──────── Records supplied ────────

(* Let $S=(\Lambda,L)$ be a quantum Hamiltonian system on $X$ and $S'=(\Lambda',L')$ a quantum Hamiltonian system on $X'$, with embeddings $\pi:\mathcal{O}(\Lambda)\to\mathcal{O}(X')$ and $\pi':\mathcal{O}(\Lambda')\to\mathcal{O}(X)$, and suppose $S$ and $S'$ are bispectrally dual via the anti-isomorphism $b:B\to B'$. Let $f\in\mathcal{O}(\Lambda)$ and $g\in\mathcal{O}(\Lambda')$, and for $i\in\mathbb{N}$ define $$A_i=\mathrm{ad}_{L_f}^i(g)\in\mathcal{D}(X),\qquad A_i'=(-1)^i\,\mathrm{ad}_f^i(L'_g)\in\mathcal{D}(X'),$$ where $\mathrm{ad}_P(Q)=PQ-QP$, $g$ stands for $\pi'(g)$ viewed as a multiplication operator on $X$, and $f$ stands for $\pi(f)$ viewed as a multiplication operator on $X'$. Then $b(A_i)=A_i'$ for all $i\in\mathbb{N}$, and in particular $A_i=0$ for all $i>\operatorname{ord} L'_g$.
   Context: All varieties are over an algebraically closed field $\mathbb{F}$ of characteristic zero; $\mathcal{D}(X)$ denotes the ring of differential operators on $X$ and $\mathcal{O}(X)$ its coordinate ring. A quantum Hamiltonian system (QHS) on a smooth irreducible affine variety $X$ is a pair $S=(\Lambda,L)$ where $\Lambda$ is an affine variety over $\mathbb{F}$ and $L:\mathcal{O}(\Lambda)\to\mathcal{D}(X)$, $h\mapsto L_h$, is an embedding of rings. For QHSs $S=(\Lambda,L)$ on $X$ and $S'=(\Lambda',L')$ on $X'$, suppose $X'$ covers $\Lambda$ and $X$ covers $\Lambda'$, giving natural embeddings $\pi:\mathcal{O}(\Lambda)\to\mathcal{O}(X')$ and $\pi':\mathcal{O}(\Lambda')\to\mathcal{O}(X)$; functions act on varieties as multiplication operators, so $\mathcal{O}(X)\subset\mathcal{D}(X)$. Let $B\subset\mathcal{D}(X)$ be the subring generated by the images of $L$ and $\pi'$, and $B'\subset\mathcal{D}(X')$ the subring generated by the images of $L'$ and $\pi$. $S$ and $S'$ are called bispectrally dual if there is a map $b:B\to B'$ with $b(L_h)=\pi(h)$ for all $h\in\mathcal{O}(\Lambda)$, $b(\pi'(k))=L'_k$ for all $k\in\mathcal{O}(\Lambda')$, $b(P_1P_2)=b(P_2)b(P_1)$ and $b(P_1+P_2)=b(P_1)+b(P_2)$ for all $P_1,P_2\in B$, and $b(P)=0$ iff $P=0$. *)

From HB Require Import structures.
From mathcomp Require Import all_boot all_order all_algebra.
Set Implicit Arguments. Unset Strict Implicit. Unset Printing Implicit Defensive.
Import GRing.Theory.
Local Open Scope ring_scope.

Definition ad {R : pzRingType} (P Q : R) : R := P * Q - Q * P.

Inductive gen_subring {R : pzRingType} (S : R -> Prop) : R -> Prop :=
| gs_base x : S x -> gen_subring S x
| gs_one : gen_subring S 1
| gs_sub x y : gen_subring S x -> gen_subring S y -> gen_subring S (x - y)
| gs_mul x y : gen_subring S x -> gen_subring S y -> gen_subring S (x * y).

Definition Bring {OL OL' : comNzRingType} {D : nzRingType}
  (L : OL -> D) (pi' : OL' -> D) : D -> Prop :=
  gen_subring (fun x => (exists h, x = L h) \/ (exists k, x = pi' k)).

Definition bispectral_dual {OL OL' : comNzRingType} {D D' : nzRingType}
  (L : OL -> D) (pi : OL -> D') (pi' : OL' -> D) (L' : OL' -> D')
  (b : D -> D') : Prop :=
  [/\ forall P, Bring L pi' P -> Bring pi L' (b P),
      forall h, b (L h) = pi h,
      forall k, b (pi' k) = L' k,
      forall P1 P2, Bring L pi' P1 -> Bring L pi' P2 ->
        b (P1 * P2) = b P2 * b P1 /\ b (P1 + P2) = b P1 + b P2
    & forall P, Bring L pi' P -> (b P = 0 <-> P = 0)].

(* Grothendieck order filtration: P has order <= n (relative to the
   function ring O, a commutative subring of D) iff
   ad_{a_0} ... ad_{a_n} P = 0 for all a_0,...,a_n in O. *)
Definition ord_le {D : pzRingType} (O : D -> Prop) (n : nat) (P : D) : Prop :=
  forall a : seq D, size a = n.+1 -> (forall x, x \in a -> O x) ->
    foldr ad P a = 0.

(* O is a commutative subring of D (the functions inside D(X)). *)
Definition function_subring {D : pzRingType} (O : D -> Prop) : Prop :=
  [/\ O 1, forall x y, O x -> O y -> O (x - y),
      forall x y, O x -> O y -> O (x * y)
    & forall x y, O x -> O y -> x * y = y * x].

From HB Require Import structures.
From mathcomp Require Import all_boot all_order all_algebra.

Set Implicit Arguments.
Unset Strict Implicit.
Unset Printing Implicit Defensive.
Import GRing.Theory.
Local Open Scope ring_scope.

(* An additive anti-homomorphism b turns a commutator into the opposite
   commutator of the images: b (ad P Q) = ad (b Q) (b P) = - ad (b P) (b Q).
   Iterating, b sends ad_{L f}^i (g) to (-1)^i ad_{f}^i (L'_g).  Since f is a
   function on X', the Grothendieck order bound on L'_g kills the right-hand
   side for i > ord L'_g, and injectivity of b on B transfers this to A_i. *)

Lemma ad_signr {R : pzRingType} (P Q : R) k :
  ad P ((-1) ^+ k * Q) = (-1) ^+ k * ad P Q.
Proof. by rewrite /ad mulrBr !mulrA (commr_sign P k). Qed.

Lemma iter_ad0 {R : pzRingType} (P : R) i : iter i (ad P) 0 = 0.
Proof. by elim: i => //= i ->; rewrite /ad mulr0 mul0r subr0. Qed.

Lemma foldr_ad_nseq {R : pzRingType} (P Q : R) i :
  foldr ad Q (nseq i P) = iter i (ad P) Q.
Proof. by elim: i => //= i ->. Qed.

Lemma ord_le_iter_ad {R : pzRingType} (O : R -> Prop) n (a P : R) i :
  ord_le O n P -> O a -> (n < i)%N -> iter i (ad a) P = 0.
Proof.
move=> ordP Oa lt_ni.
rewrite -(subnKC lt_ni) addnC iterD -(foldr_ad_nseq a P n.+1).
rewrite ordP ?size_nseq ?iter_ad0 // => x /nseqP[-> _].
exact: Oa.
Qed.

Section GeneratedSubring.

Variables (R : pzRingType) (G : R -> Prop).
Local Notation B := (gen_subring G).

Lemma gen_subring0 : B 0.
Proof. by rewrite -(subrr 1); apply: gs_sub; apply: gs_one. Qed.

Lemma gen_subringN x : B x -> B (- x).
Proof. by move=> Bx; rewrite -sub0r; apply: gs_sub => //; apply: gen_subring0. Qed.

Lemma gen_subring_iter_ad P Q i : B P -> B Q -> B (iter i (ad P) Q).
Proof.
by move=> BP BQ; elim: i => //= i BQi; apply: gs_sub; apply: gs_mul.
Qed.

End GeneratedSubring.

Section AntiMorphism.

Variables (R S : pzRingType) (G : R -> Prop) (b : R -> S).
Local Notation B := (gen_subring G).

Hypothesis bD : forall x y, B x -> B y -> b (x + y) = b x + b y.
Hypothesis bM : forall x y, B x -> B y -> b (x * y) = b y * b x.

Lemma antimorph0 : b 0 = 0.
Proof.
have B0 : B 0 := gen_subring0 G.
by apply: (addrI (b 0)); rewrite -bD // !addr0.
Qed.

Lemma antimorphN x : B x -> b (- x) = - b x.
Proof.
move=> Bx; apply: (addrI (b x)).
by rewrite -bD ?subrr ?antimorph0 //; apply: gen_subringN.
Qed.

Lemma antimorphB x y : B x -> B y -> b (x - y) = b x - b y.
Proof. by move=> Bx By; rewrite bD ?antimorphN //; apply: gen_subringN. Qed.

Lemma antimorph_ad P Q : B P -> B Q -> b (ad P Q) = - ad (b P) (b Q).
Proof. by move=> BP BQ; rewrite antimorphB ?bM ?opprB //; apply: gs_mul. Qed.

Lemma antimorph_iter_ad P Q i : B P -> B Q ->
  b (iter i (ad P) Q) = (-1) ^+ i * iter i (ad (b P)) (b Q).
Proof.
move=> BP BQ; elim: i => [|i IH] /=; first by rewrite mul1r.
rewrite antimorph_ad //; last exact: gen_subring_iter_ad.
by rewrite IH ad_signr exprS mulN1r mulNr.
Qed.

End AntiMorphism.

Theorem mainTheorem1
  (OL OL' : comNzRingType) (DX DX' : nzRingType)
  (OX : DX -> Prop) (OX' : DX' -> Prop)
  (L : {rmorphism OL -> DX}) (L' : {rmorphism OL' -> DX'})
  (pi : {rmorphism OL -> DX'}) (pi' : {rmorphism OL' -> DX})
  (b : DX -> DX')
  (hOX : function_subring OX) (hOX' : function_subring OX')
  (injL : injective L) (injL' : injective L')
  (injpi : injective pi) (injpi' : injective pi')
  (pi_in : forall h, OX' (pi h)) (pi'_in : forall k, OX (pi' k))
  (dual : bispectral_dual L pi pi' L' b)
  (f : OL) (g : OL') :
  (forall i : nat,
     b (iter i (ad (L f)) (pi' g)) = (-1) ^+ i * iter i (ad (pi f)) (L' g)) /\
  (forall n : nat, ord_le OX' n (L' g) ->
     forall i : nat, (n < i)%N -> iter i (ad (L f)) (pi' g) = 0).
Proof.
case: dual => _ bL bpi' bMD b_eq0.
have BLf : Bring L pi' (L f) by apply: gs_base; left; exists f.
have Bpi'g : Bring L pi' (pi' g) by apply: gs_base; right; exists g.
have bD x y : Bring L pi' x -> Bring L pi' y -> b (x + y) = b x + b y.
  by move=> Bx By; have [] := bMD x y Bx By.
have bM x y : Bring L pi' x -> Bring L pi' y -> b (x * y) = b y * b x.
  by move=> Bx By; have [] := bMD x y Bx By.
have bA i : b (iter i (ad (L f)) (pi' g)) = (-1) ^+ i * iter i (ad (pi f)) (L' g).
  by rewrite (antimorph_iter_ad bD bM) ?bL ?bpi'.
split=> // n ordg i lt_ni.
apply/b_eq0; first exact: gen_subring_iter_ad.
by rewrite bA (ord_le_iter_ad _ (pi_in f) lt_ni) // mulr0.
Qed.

────────

Brief: The range runs from the line above containing "b (P1 * P2)" to the line containing "a_0,...,a_n in O. *)", inclusive. Restate those lines word for word and no others.

Solved problem:
        b (P1 * P2) = b P2 * b P1 /\ b (P1 + P2) = b P1 + b P2
    & forall P, Bring L pi' P -> (b P = 0 <-> P = 0)].

(* Grothendieck order filtration: P has order <= n (relative to the
   function ring O, a commutative subring of D) iff
   ad_{a_0} ... ad_{a_n} P = 0 for all a_0,...,a_n in O. *)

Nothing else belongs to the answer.